La Goule ne broncha même pas devant la menace, restant statique, le crâne toujours dans la main tendu vers le Devin. Lentement, Harry approcha la sienne. Il n'eut que le temps de se dire que le crâne était glacial qu'il s'écroula comme une poupée de chiffon. Seul les réflexes de la Goule lui permirent de ne pas tomber au sol.

Aiden se mit à leur hauteur, un bras venant enserrer la taille de sa charge alors que son regard tournait brièvement en une tornade déchainée.

-Nous savons que si quoi que ce soit lui arrive nous ne vivrons pas assez longtemps pour nous inquiéter plus de la diminution de nos naissances, Haineko.

Aiden Reed ne répondit pas à la Goule, se contentant de l'observer sans mot dire.


Des voix, si lointaines que Harry ne parvenait pas à discerner le moindre mot. Juste le son de celles-ci.
Puis, il eut comme l'impression de faire un bond et il les entendit aussi clairement que s'il était à côté des personnes d'où elles provenaient. Pourtant, il ne voyait toujours rien.

-Alors ? Avons-nous fait des progrès ?

-Non, tous morts, pas un pour supporter les Potions.

-Des crevures même pour servir à de grand projets.

-On nous a apporté une nouvelle fournée, continuons.
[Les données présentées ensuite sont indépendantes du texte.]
Lemma exists_minimal (I : finType) T (f : I -> T -> Prop) (S : {set I}) i0 : i0 \in S ->
  exists2 M, M \in S & forall j, j \in S -> pred_sub (f j) (f M) -> pred_sub (f M) (f j).
Proof.
move=> i0S; pose below i := [set l in S | `[< pred_sub (f l) (f i) >]].
have [M MS Mmin] := arg_minnP (fun i => #|below i|) i0S.
exists M => // j jS jM; apply: contrapT => Mj.
suff : #|below j| < #|below M| by rewrite ltnNge Mmin.
apply: proper_card; apply/properP; split.
  apply/subsetP => l; rewrite !inE => /andP [-> /asboolP lj].
  by apply/asboolP => x /lj /jM.
by exists M; rewrite !inE (MS : M \in S) /=; apply/asboolP.
Qed.

Definition descending_chain A (X : (A -> Prop) -> Prop) (t : nat) : Prop :=
  exists H : nat -> A -> Prop,
    (forall i, (i <= t)%N -> X (H i)) /\ (forall i, (i < t)%N -> pred_ssub (H i.+1) (H i)).

Lemma descending_chain_mono A (X Y : (A -> Prop) -> Prop) t :
  (forall K, X K -> Y K) -> descending_chain X t -> descending_chain Y t.
Proof. by move=> XY [H [XH Hss]]; exists H; split=> // i /XH /XY. Qed.

Lemma injections_of_infinite T (t0 : T) : (forall n, ~ has_card T n) ->
  forall m, exists f : 'I_m -> T, injective f.
Proof.
move=> inf; elim=> [|m [f injf]]; first by exists (fun _ => t0) => -[].
have [onto|] := pselect (forall x, exists i, f i = x).
  have /choice [g fg] := onto; case: (inf m); exists f, g => // i.
  by apply: injf; rewrite fg.
move=> /existsNP [x notim].
exists (fun i => if unlift ord_max i is Some j then f j else x) => i j.
case: unliftP => [i' ->|->]; case: unliftP => [j' ->|->] //.
- by move=> /injf ->.
- by move=> e; case: notim; exists i'.
- by move=> e; case: notim; exists j'.
Qed.

Section HullKernel.
Variables (T A : Type) (carrier : T -> A -> Prop).

Definition hull (K : A -> Prop) : T -> Prop := fun t => pred_sub K (carrier t).
Definition kernel (Z : T -> Prop) : A -> Prop := fun a => forall t, Z t -> carrier t a.

Variables (closed : (T -> Prop) -> Prop) (X : (A -> Prop) -> Prop).
Hypothesis carrier_onto : forall K, X K -> exists t, carrier t = K.
Hypothesis closed_up :
  forall Z s t, closed Z -> Z s -> pred_sub (carrier s) (carrier t) -> Z t.
Hypothesis closed_hull : forall K, X K -> closed (hull K).
Hypothesis irreducible_hull : forall Z, irreducible_closed closed Z ->
  exists K, X K /\ forall t, Z t <-> hull K t.

Lemma sub_hull K L : X K -> pred_sub (hull K) (hull L) <-> pred_sub L K.
Proof.
move=> /carrier_onto [s sK]; split=> [KL|LK t Kt r /LK /Kt //].
by have := KL s; rewrite /hull sK; apply.
Qed.

Lemma hull_irreducible K : X K -> irreducible_closed closed (hull K).
Proof.
move=> XK; have [s sK] := carrier_onto XK.
have Ks : hull K s by rewrite /hull sK.
split; [exact: closed_hull | split; first by exists s].
move=> B C cB cC KBC; case: (KBC s Ks) => [Bs|Cs]; [left|right] => t Kt.
- by apply: closed_up cB Bs _; rewrite sK.
- by apply: closed_up cC Cs _; rewrite sK.
Qed.

Lemma has_chain_hullE t : has_chain closed t <-> descending_chain X t.
Proof.
split=> [[Z [Zirr Zss]]|[H [XH Hss]]].
  have /choice [H HZ] : forall i, exists K, (i <= t)%N ->
      X K /\ forall s, Z i s <-> hull K s.
    move=> i; have [it|_] := boolP (i <= t)%N; last by exists (fun _ => True).
    by have [K ?] := irreducible_hull (Zirr i it); exists K.
  exists H; split=> [i /HZ [] //|i it].
  have [[XHi Zi] [XHi1 Zi1]] := (HZ i (ltnW it), HZ i.+1 it).
  have [ZZ1 Z1Z] := Zss i it.
  split=> [|/(sub_hull (H i) XHi1).2 sub].
    by apply/(sub_hull (H i.+1) XHi) => s /Zi /ZZ1 /Zi1.
  by apply: Z1Z => s /Zi1 /sub /Zi.
exists (fun i => hull (H i)); split=> [i it|i it]; first exact: hull_irreducible (XH i it).
have [XHi XHi1] := (XH i (ltnW it), XH i.+1 it); have [HH1 H1H] := Hss i it.
by split=> [|/(sub_hull (H i) XHi1)]; [apply/(sub_hull (H i.+1) XHi) |].
Qed.

End HullKernel.

Section Dimension.
Variables (T : Type) (closed : (T -> Prop) -> Prop).

Lemma top_dim_fin n : is_sup_len closed n -> top_dim closed = EFin n.
Proof.
move=> supn; rewrite /top_dim; case: excluded_middle_informative => [e|]; last first.
  by case; exists n.
case: (constructive_indefinite_description _ e) => m /= [ubm lubm].
by apply/congr1/eqP; rewrite eqn_leq (lubm _ supn.1) (supn.2 _ ubm).
Qed.

Lemma top_dim_inf : ~ (exists n, is_sup_len closed n) -> top_dim closed = EInf.
Proof. by rewrite /top_dim; case: excluded_middle_informative. Qed.

Lemma top_dim_unbounded : (forall n, has_chain closed n) -> top_dim closed = EInf.
Proof.
move=> chains; apply: top_dim_inf => -[n [ubn _]].
by have := ubn _ (chains n.+1); rewrite ltnn.
Qed.

Lemma is_sup_len_exists b : (forall t, has_chain closed t -> (t <= b)%N) ->
  exists n, is_sup_len closed n.
Proof.
elim/ltn_ind: b => b IH ubb.
have [[m [ubm mb]]|nosmaller] :=
  pselect (exists m, (forall t, has_chain closed t -> (t <= m)%N) /\ (m < b)%N).
  exact: IH mb ubm.
exists b; split=> // m ubm; rewrite leqNgt; apply/negP => mb.
by apply: nosmaller; exists m.
Qed.
End Dimension.

Lemma top_dim_le T1 T2 (c1 : (T1 -> Prop) -> Prop) (c2 : (T2 -> Prop) -> Prop) :
  (forall t, has_chain c1 t -> has_chain c2 t) -> enat_le (top_dim c1) (top_dim c2).
Proof.
move=> c12; have [[n [ub2 lub2]]|unbounded] := pselect (exists n, is_sup_len c2 n).
  have [m [ub1 lub1]] := is_sup_len_exists (fun t h => ub2 t (c12 t h)).
  rewrite (top_dim_fin (conj ub2 lub2)) (top_dim_fin (conj ub1 lub1)) /=.
  by apply: lub1 => t /c12 /ub2.
by rewrite (top_dim_inf unbounded); case: (top_dim c1).
Qed.

Lemma top_dim_eq T1 T2 (c1 : (T1 -> Prop) -> Prop) (c2 : (T2 -> Prop) -> Prop) :
  (forall t, has_chain c1 t <-> has_chain c2 t) -> top_dim c1 = top_dim c2.
Proof.
move=> c12; have := top_dim_le (fun t => (c12 t).1); have := top_dim_le (fun t => (c12 t).2).
case: (top_dim c1) => [a|]; case: (top_dim c2) => [b|] //= ba ab.
by apply/congr1/eqP; rewrite eqn_leq ab ba.
Qed.

Section PrimeIdeals.
Variable R : comNzRingType.
Local Open Scope ring_scope.
Implicit Types (J M P : R -> Prop) (x : R).

Definition is_proper_radical (I : R -> Prop) := is_ideal I /\ is_proper I /\ is_radical I.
Nous finirons bien par aboutir à quelque chose et montrer à tous que notre projet et plus intéressant que celui de Willemot.
Ce n'est pas comme si mort ils nous étaient aussi inutiles. Ils font de la bonne bouffe pour les autres.

Harry entendit les deux hommes partirent dans un grand éclat de rire alors que les sous-entendus lui donnèrent envie de vomir. Il n'en eut cependant pas le temps.
Autour de lui l'obscurité s'éloigna, lui laissant enfin voir une pièce bien sombre éclairée par de simple bougie. Là se trouvaient deux hommes, des sorciers au vu de l'accoutrement, mais aussi une table de bois où était attaché une personne.
Non, ce qui fut un homme.

La peau noir traversée par des veines bleues, une mâchoire bien trop proéminente, des dents qui ne suivaient aucune logique, des yeux fous. Ce n'était plus un homme, mais quelque chose de monstrueux.
Harry comprit qu'il avait changé de scène depuis la dernière conversation quand enfin les sorciers se mirent à parler.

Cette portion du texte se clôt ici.